Enough to write the Monday-morning analyst pipeline: download, clean, aggregate, report. And the bridge to bigger data when pandas alone runs out.
Where to go next
- Polars — pandas-like API, Rust-fast, lazy evaluation. Good middle ground between pandas and DuckDB.
- PyArrow Tables — even faster than pandas for huge data; fewer ergonomics.
- Plotly / Altair — better-looking charts than matplotlib.
- Streamlit / Gradio — turn your script into an interactive dashboard in 50 lines.
- Quantitative finance —
quantstats,pyfolio,vectorbtfor backtest infrastructure. - LLM-driven analytics — combine pandas with Claude or GPT for natural-language data exploration.
A complete demo
bigquery.py:
import duckdb
import pandas as pd
con = duckdb.connect()
# SQL: monthly volume per ticker
result = con.execute("""
SELECT
Ticker,
DATE_TRUNC('month', Date) AS Month,
AVG("Adj Close") AS AvgClose,
SUM(Volume) AS TotalVolume
FROM 'data/prices.parquet'
GROUP BY Ticker, Month
ORDER BY Ticker, Month
""").df()
print(f"Aggregated: {len(result):,} rows")
print(result.head())
# Pandas: rank tickers by total volume
totals = (
result.groupby("Ticker")["TotalVolume"].sum()
.sort_values(ascending=False)
)
print("\n=== Total volume per ticker ===")
print(totals.map(lambda v: f"{v/1e9:,.1f}B"))
# Out-of-core friendliness: explain
print("\n=== EXPLAIN ===")
con.execute("EXPLAIN SELECT Ticker, COUNT(*) FROM 'data/prices.parquet' GROUP BY Ticker").df()
Common stumbles
Forgetting .df(). con.execute(...) returns a relation, not a DataFrame. .df() materializes.
SQL with pandas Date types. DuckDB recognizes pandas datetimes when registered. For dates as strings in CSV, cast: CAST(Date AS DATE) in SQL.
Window functions verbosity. LAG(col) OVER (PARTITION BY ... ORDER BY ...) is the SQL way. Pandas groupby().shift() is shorter. Pick the right tool.
con.unregister. Forget to clean up registered names → memory holds the DataFrame longer than expected. Use a context manager or try/finally for cleanup.
Identifier quoting. Column names with spaces or capitals: "Adj Close" (double quotes in SQL).
DuckDB OR REPLACE. Without it, second run errors. CREATE OR REPLACE TABLE ... makes idempotent.

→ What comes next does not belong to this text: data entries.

(* Let $n_{k'}\le n_k$. Then $\ker(Z_{k,k'}^*Z_{k,k'})=\ker Z_{k,k'}=\mathrm{span}\{\varphi_{a_k}:a=n_{k'},\dots,n_k-1\}$, where kernels are taken of the operators restricted to $E_k$.
   Context: Let $\mathcal H$ be a finite-dimensional complex Hilbert space and $E_k,E_{k'}$ mutually orthogonal subspaces with $n_k=\dim E_k$, $n_{k'}=\dim E_{k'}$ and orthonormal bases $\{|a_k\rangle:0\le a\le n_k-1\}$, $\{|b_{k'}\rangle:0\le b\le n_{k'}-1\}$. For vectors $x,y$, $|x\rangle\langle y|$ is the operator $u\mapsto\langle y,u\rangle x$. $\zeta_k=e^{2\pi i/n_k}$. The transition operator is $Z_{k,k'}=n_k^{-1/2}\sum_{b=0}^{n_{k'}-1}\sum_{a=0}^{n_k-1}\zeta_k^{ba}|b_{k'}\rangle\langle a_k|$, and the $k$-entangled basis is $\varphi_{a_k}=n_k^{-1/2}\sum_{b=0}^{n_k-1}\zeta_k^{-ba}|b_k\rangle$, $0\le a\le n_k-1$. *)

From HB Require Import structures.
From mathcomp Require Import all_boot all_order all_algebra.
From mathcomp Require Import complex.
From mathcomp Require Import reals trigo.
Set Implicit Arguments. Unset Strict Implicit. Unset Printing Implicit Defensive.
Import Order.TTheory GRing.Theory Num.Theory.
Local Open Scope ring_scope.
Local Open Scope complex_scope.

Section Defs.
Variable R : realType.
Local Notation C := R[i].
Variable N : nat.
(* The Hilbert space H is modelled as C^N (column vectors) with the standard
   inner product, conjugate-linear in the first argument. *)
Definition cdot (u v : 'cV[C]_N) : C := \sum_(i < N) (u i 0)^* * v i 0.

Definition adj m n (A : 'M[C]_(m, n)) : 'M[C]_(n, m) := (map_mx conjc A)^T.

Definition ketbra (x y : 'cV[C]_N) : 'M[C]_N := x *m adj y.

Definition onbasis n (e : 'I_n -> 'cV[C]_N) : Prop :=
  forall i j : 'I_n, cdot (e i) (e j) = (i == j)%:R.

Definition zeta (n : nat) : C :=
  (cos (2 * pi / n%:R)) +i* (sin (2 * pi / n%:R)).

Definition invsqrt (n : nat) : C := ((Num.sqrt (n%:R : R))^-1)%:C.

(* Z_{k,k'} = n_k^{-1/2} sum_b sum_a zeta_k^{ba} |b_{k'}><a_k| *)
Definition Zop nk nk' (e : 'I_nk -> 'cV[C]_N) (f : 'I_nk' -> 'cV[C]_N)
  : 'M[C]_N :=
  invsqrt nk *: \sum_(b < nk') \sum_(a < nk)
      (zeta nk ^+ (b * a)) *: ketbra (f b) (e a).

Definition phi_basis nk (e : 'I_nk -> 'cV[C]_N) (a : 'I_nk) : 'cV[C]_N :=
  invsqrt nk *: \sum_(b < nk) (zeta nk ^- (b * a)) *: e b.

(* membership in E_k = span of its onbasis basis *)
Definition in_span n (v : 'I_n -> 'cV[C]_N) (x : 'cV[C]_N) : Prop :=
  exists c : 'I_n -> C, x = \sum_(i < n) c i *: v i.

Definition in_span_from n (m : nat) (v : 'I_n -> 'cV[C]_N) (x : 'cV[C]_N)
  : Prop :=
  exists c : 'I_n -> C, x = \sum_(i < n | (m <= i)%N) c i *: v i.
End Defs.

From mathcomp Require Import all_boot all_order all_algebra.
From mathcomp Require Import complex.
From mathcomp Require Import reals trigo ring lra.
Import GRing.Theory Num.Theory.
Local Open Scope ring_scope.
Set Implicit Arguments. Unset Strict Implicit. Unset Printing Implicit Defensive.

(* The vectors phi_a are the discrete Fourier transform of the basis (e_b):
   by the orthogonality of the characters b |-> zeta^(a b) they form another
   orthonormal basis of E_k.  Since conj zeta = zeta^-1, the transition
   operator is Z = sum_(b < n_k') |f_b><phi_b|, so a vector x of E_k lies in
   ker Z iff <phi_b, x> = 0 for all b < n_k', i.e. iff its expansion in the
   basis (phi_a) only involves a >= n_k'.  Finally ker (Z^* Z) = ker Z because
   <Zx, Zx> = <x, Z^* Z x>. *)

Section InnerProduct.
Variables (R : realType) (N : nat).
Implicit Types (u v x y : 'cV[R[i]]_N) (a : R[i]).

Lemma cdot_mx u v : adj u *m v = (cdot u v)%:M.
Proof.
rewrite [LHS]mx11_scalar; congr (_%:M).
by rewrite !mxE; apply: eq_bigr => k _; rewrite !mxE.
Qed.

Lemma cdotZr u a v : cdot u (a *: v) = a * cdot u v.
Proof. by rewrite /cdot mulr_sumr; apply: eq_bigr => k _; rewrite mxE mulrCA. Qed.

Lemma cdotZl a u v : cdot (a *: u) v = a^* * cdot u v.
Proof.
by rewrite /cdot mulr_sumr; apply: eq_bigr => k _; rewrite mxE rmorphM mulrA.
Qed.

Lemma cdot_sumr (I : finType) (P : pred I) u (F : I -> 'cV[R[i]]_N) :
  cdot u (\sum_(i | P i) F i) = \sum_(i | P i) cdot u (F i).
Proof.
rewrite /cdot exchange_big; apply: eq_bigr => k _.
by rewrite summxE mulr_sumr.
Qed.

Lemma cdot_suml (I : finType) (P : pred I) (F : I -> 'cV[R[i]]_N) v :
  cdot (\sum_(i | P i) F i) v = \sum_(i | P i) cdot (F i) v.
Proof.
rewrite /cdot exchange_big; apply: eq_bigr => k _.
by rewrite summxE rmorph_sum mulr_suml.
Qed.

Lemma cdot_self_eq0 x : cdot x x = 0 -> x = 0.
Proof.
move=> /eqP; rewrite psumr_eq0 => [/allP x0|k _]; last by rewrite mulrC mul_conjC_ge0.
apply/matrixP => k j; rewrite (ord1 j) mxE.
by move: (x0 k (mem_index_enum k)); rewrite mulrC mul_conjC_eq0 => /eqP.
Qed.

Lemma ketbra_mulmx x y v : ketbra x y *m v = cdot y v *: x.
Proof. by rewrite /ketbra -mulmxA cdot_mx mul_mx_scalar. Qed.

End InnerProduct.

Lemma adjM (R : realType) m n p (A : 'M[R[i]]_(m, n)) (B : 'M_(n, p)) :
  adj (A *m B) = adj B *m adj A.
Proof. by rewrite /adj map_mxM trmx_mul. Qed.

Lemma mulmx_adj_self_eq0 (R : realType) m n (A : 'M[R[i]]_(m, n)) (x : 'cV_n) :
  adj A *m A *m x = 0 <-> A *m x = 0.
Proof.
split=> [AAx0 | Ax0]; last by rewrite -mulmxA Ax0 mulmx0.
apply: cdot_self_eq0.
have := cdot_mx (A *m x) (A *m x).
rewrite adjM -mulmxA [adj A *m _]mulmxA AAx0 mulmx0 => /matrixP/(_ 0 0).
by rewrite !mxE eqxx mulr1n => <-.
Qed.

Section Span.
Variables (R : realType) (N : nat).
Local Notation vec := 'cV[R[i]]_N.

Lemma in_span_trans n n' (v : 'I_n -> vec) (w : 'I_n' -> vec)
    (M : 'I_n -> 'I_n' -> R[i]) x :
  (forall i, v i = \sum_j M i j *: w j) -> in_span v x -> in_span w x.
Proof.
move=> vE [c ->]; exists (fun j => \sum_i c i * M i j).
under eq_bigr => i _ do rewrite vE scaler_sumr.
rewrite exchange_big; apply: eq_bigr => j _.
by rewrite scaler_suml; apply: eq_bigr => i _; rewrite scalerA.
Qed.

Lemma in_span_from_in_span n m (v : 'I_n -> vec) x :
  in_span_from m v x -> in_span v x.
Proof.
move=> [c ->]; exists (fun i : 'I_n => if (m <= i)%N then c i else 0).
by rewrite big_mkcond; apply: eq_bigr => i _; case: ifP; rewrite ?scale0r.
Qed.

Variables (n : nat) (v : 'I_n -> vec).
Hypothesis v_on : onbasis v.

Lemma cdot_onbasis_sum (P : pred 'I_n) (c : 'I_n -> R[i]) i :
  cdot (v i) (\sum_(j | P j) c j *: v j) = if P i then c i else 0.
Proof.
rewrite cdot_sumr big_mkcond (bigD1 i) //= big1 => [|j ji].
  by rewrite cdotZr v_on eqxx mulr1 addr0; case: (P i).
by case: (P j); rewrite // cdotZr v_on eq_sym (negbTE ji) mulr0.
Qed.

Lemma onbasis_expansion x : in_span v x -> x = \sum_i cdot (v i) x *: v i.
Proof.
by move=> [c ->]; apply: eq_bigr => i _; rewrite cdot_onbasis_sum.
Qed.

Lemma onbasis_coord_eq0 (c : 'I_n -> R[i]) i : \sum_j c j *: v j = 0 -> c i = 0.
Proof.
move=> c0; have := cdot_onbasis_sum predT c i.
by rewrite c0 /cdot big1 // => k _; rewrite mxE mulr0.
Qed.

Lemma in_span_fromP m x : in_span v x ->
  in_span_from m v x <-> forall i : 'I_n, (i < m)%N -> cdot (v i) x = 0.
Proof.
move=> xv; split=> [[c ->] i im | x0].
  by rewrite cdot_onbasis_sum leqNgt im.
exists (fun i => cdot (v i) x); rewrite {1}(onbasis_expansion xv) [RHS]big_mkcond.
by apply: eq_bigr => i _; case: leqP => // /x0 ->; rewrite scale0r.
Qed.

End Span.

Lemma unity_root_sum_expr (F : idomainType) n (w : F) : n.-unity_root w ->
  \sum_(a < n) w ^+ a = if w == 1 then n%:R else 0.
Proof.
move=> /unity_rootP wn1; case: eqP => [->|/eqP w1].
  by rewrite (eq_bigr (fun=> 1)) => [|a _]; rewrite ?expr1n // sumr_const card_ord.
have /eqP : (w - 1) * \sum_(a < n) w ^+ a = 0 by rewrite -subrX1 wn1 subrr.
by rewrite mulf_eq0 subr_eq0 (negbTE w1) => /eqP.
Qed.

Lemma prim_root_orthogonality (F : fieldType) n (z : F) (i j : 'I_n) :
  n.-primitive_root z ->
  \sum_(a < n) z ^+ (a * i) * z ^- (a * j) = if i == j then n%:R else 0.
Proof.
move=> z_prim; set w := z ^+ i / z ^+ j.
have zj0 : z ^+ j != 0.
  by rewrite expf_eq0 (prim_root_eq0 z_prim) gtn_eqF ?andbF ?(prim_order_gt0 z_prim).
have -> : \sum_(a < n) z ^+ (a * i) * z ^- (a * j) = \sum_(a < n) w ^+ a.
  by apply: eq_bigr => a _; rewrite exprMn exprVn -!exprM !(mulnC a).
rewrite unity_root_sum_expr; last first.
  apply/unity_rootP; rewrite exprMn exprVn -!exprM !(mulnC _ n) !exprM.
  by rewrite (prim_expr_order z_prim) !expr1n invr1 mulr1.
have -> : (w == 1) = (z ^+ i == z ^+ j).
  by apply/eqP/eqP => [/divr1_eq // | zij]; rewrite /w zij divff.
by rewrite (eq_prim_root_expr z_prim) !modn_small.
Qed.

Section Cis.
Variable R : realType.

Definition cis (t : R) : R[i] := (cos t +i* sin t)%C.

Lemma cisD s t : cis (s + t) = cis s * cis t.
Proof. by rewrite /cis cosD sinD; simpc; rewrite [sin s * _ + _]addrC. Qed.

Lemma cisMn t j : cis t ^+ j = cis (t *+ j).
Proof.
elim: j => [|j IHj]; first by rewrite /cis cos0 sin0.
by rewrite exprS IHj -cisD mulrS.
Qed.

Lemma conj_cis t : (cis t)^* = (cis t)^-1.
Proof.
apply/esym/mulr1_eq.
by rewrite /cis; simpc; rewrite -!expr2 cos2Dsin2 (mulrC (sin t)) addNr.
Qed.

Lemma cis_neq1 t : 0 < t < pi *+ 2 -> cis t != 1.
Proof.
move=> /andP[t_gt0 t_lt2pi]; apply/eqP => -[cos_t _].
have /sin_gt0_pi : 0 < t / 2 < pi.
  by rewrite divr_gt0 // ltr_pdivrMr // mulr_natr t_lt2pi.
have := cos2Dsin2 (t / 2); have := cos_mulr2n (t / 2).
have -> : t / 2 *+ 2 = t by rewrite -mulr_natr divfK ?pnatr_eq0.
rewrite cos_t; nra.
Qed.
End Cis.

Section Zeta.
Variable R : realType.

Lemma zeta_exprE n k : zeta R n ^+ k = cis (pi *+ 2 * (k%:R / n%:R)).
Proof. by rewrite cisMn -[_ *+ k]mulr_natr -[pi *+ 2]mulr_natl; congr cis; ring. Qed.

Lemma zeta_primitive n : (0 < n)%N -> n.-primitive_root (zeta R n).
Proof.
move=> n_gt0; apply/andP; split => //; apply/forallP => j.
rewrite unity_rootE zeta_exprE; have [-> | jn] := eqVneq j.+1 n.
  by rewrite divff ?pnatr_eq0 -?lt0n // mulr1 /cis cos2pi sin2pi eqxx.
apply/eqP/negbTE/cis_neq1.
have pi2_gt0 : 0 < pi *+ 2 :> R by rewrite mulrn_wgt0 ?pi_gt0.
rewrite mulr_gt0 ?divr_gt0 ?ltr0n //= gtr_pMr // ltr_pdivrMr ?ltr0n // mul1r.
by rewrite ltr_nat ltn_neqAle jn ltn_ord.
Qed.

Lemma conj_zeta_expr n k : (zeta R n ^+ k)^* = zeta R n ^- k.
Proof. by rewrite zeta_exprE conj_cis -zeta_exprE. Qed.

Lemma conj_invsqrt n : (invsqrt R n)^* = invsqrt R n.
Proof. exact: conjc_real. Qed.

Lemma invsqrt_sqr n : invsqrt R n ^+ 2 = n%:R^-1.
Proof.
by rewrite /invsqrt -rmorphXn exprVn sqr_sqrtr ?ler0n // fmorphV rmorph_nat.
Qed.

Lemma zeta_orthonormal n (j k : 'I_n) :
  invsqrt R n ^+ 2 * \sum_(a < n) zeta R n ^+ (a * j) * zeta R n ^- (a * k)
  = (j == k)%:R.
Proof.
have n_gt0 : (0 < n)%N := leq_ltn_trans (leq0n j) (ltn_ord j).
rewrite prim_root_orthogonality ?zeta_primitive //.
by case: eqP => _; rewrite ?mulr0 // invsqrt_sqr mulVf ?pnatr_eq0 -?lt0n.
Qed.

End Zeta.

Section FourierBasis.
Variables (R : realType) (N n : nat) (e : 'I_n -> 'cV[R[i]]_N).
Local Notation z := (zeta R n).
Local Notation s := (invsqrt R n).

Lemma phi_basisE a : phi_basis e a = \sum_(b < n) (s * z ^- (b * a)) *: e b.
Proof. by rewrite /phi_basis scaler_sumr; apply: eq_bigr => b _; rewrite scalerA. Qed.

Lemma cdot_phi_basis a x :
  cdot (phi_basis e a) x = s * \sum_(b < n) z ^+ (b * a) * cdot (e b) x.
Proof.
rewrite /phi_basis cdotZl conj_invsqrt cdot_suml; congr (_ * _).
by apply: eq_bigr => b _; rewrite cdotZl fmorphV /= conj_zeta_expr invrK.
Qed.

Lemma basis_phi_expansion b : e b = \sum_(a < n) (s * z ^+ (a * b)) *: phi_basis e a.
Proof.
have coefE (c : 'I_n) :
    \sum_(a < n) s * z ^+ (a * b) * (s * z ^- (c * a)) = (b == c)%:R.
  rewrite -(zeta_orthonormal R b c) mulr_sumr.
  by apply: eq_bigr => a _; rewrite (mulnC c a); ring.
under eq_bigr => a _ do rewrite phi_basisE scaler_sumr.
rewrite exchange_big /=.
under eq_bigr => c _ do
  rewrite (eq_bigr _ (fun a _ => scalerA _ _ _)) -scaler_suml coefE.
rewrite (bigD1 b) //= eqxx scale1r big1 ?addr0 // => c cb.
by rewrite eq_sym (negbTE cb) scale0r.
Qed.

Lemma in_span_phi_basis x : in_span (phi_basis e) x <-> in_span e x.
Proof.
by split; apply: in_span_trans; [exact: phi_basisE | exact: basis_phi_expansion].
Qed.

Hypothesis e_on : onbasis e.

Lemma phi_basis_onbasis : onbasis (phi_basis e).
Proof.
move=> a a'; rewrite cdot_phi_basis phi_basisE -(zeta_orthonormal R a a').
rewrite expr2 -mulrA; congr (_ * _); rewrite mulr_sumr; apply: eq_bigr => b _.
by rewrite cdot_onbasis_sum // (mulnC b a) (mulnC b a'); ring.
Qed.

End FourierBasis.

Section TransitionOperator.
Variables (R : realType) (N nk nk' : nat).
Variables (e : 'I_nk -> 'cV[R[i]]_N) (f : 'I_nk' -> 'cV[R[i]]_N).
Hypothesis le_nk'_nk : (nk' <= nk)%N.
Local Notation phi b := (phi_basis e (widen_ord le_nk'_nk b)).

Lemma Zop_mulmx x : Zop e f *m x = \sum_(b < nk') cdot (phi b) x *: f b.
Proof.
rewrite /Zop -scalemxAl mulmx_suml scaler_sumr; apply: eq_bigr => b _.
rewrite cdot_phi_basis -scalerA; congr (_ *: _).
rewrite mulmx_suml scaler_suml; apply: eq_bigr => a _.
by rewrite -scalemxAl ketbra_mulmx scalerA mulnC.
Qed.

Hypothesis f_on : onbasis f.

Lemma Zop_mulmx_eq0 x :
  Zop e f *m x = 0 <-> forall a : 'I_nk, (a < nk')%N -> cdot (phi_basis e a) x = 0.
Proof.
rewrite Zop_mulmx; split=> [Zx0 a a_lt | phi_x0].
  have := onbasis_coord_eq0 f_on (Ordinal a_lt) Zx0.
  by rewrite (_ : widen_ord _ _ = a) //; apply: val_inj.
by rewrite big1 // => b _; rewrite phi_x0 ?scale0r //; exact: (ltn_ord b).
Qed.

End TransitionOperator.

Theorem corollary2p5 (R : realType) (N nk nk' : nat)
  (e : 'I_nk -> 'cV[R[i]]_N) (f : 'I_nk' -> 'cV[R[i]]_N) :
  onbasis e -> onbasis f ->
  (forall (a : 'I_nk) (b : 'I_nk'), cdot (e a) (f b) = 0) ->
  (nk' <= nk)%N ->
  forall x : 'cV[R[i]]_N,
    ((in_span e x /\ adj (Zop e f) *m Zop e f *m x = 0)
       <-> (in_span e x /\ Zop e f *m x = 0))
    /\ ((in_span e x /\ Zop e f *m x = 0)
       <-> in_span_from nk' (phi_basis e) x).
Proof.
move=> e_on f_on _ le_nk'_nk x.
have kerZ := Zop_mulmx_eq0 e le_nk'_nk f_on x.
have kerZ_phi (xe : in_span e x) :=
  in_span_fromP (phi_basis_onbasis e_on) nk' ((in_span_phi_basis e x).2 xe).
split; first by split=> -[xe /mulmx_adj_self_eq0 Zx0].
split=> [[xe /kerZ] | x_from]; first exact: (kerZ_phi xe).2.
have xe : in_span e x by apply/in_span_phi_basis/(in_span_from_in_span x_from).
by split=> //; apply/kerZ; exact: (kerZ_phi xe).1.
Qed.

Polars vs DuckDB. Both fast, both columnar. Polars is pandas-like; DuckDB is SQL. For most “I just want to be faster than pandas,” try Polars first.
Recap
DuckDB reads parquet directly with SQL — no full-load required. con.execute("SQL").df() returns pandas. con.register("name", df) makes pandas queryable in SQL. Hybrid: SQL for heavy aggregation/joining, pandas for time-series ops and final shaping. For >1M rows or >RAM datasets, DuckDB is the answer. For everything below: pandas alone is fine.
Series complete. Build your Monday-morning pipeline — the only way to internalize it.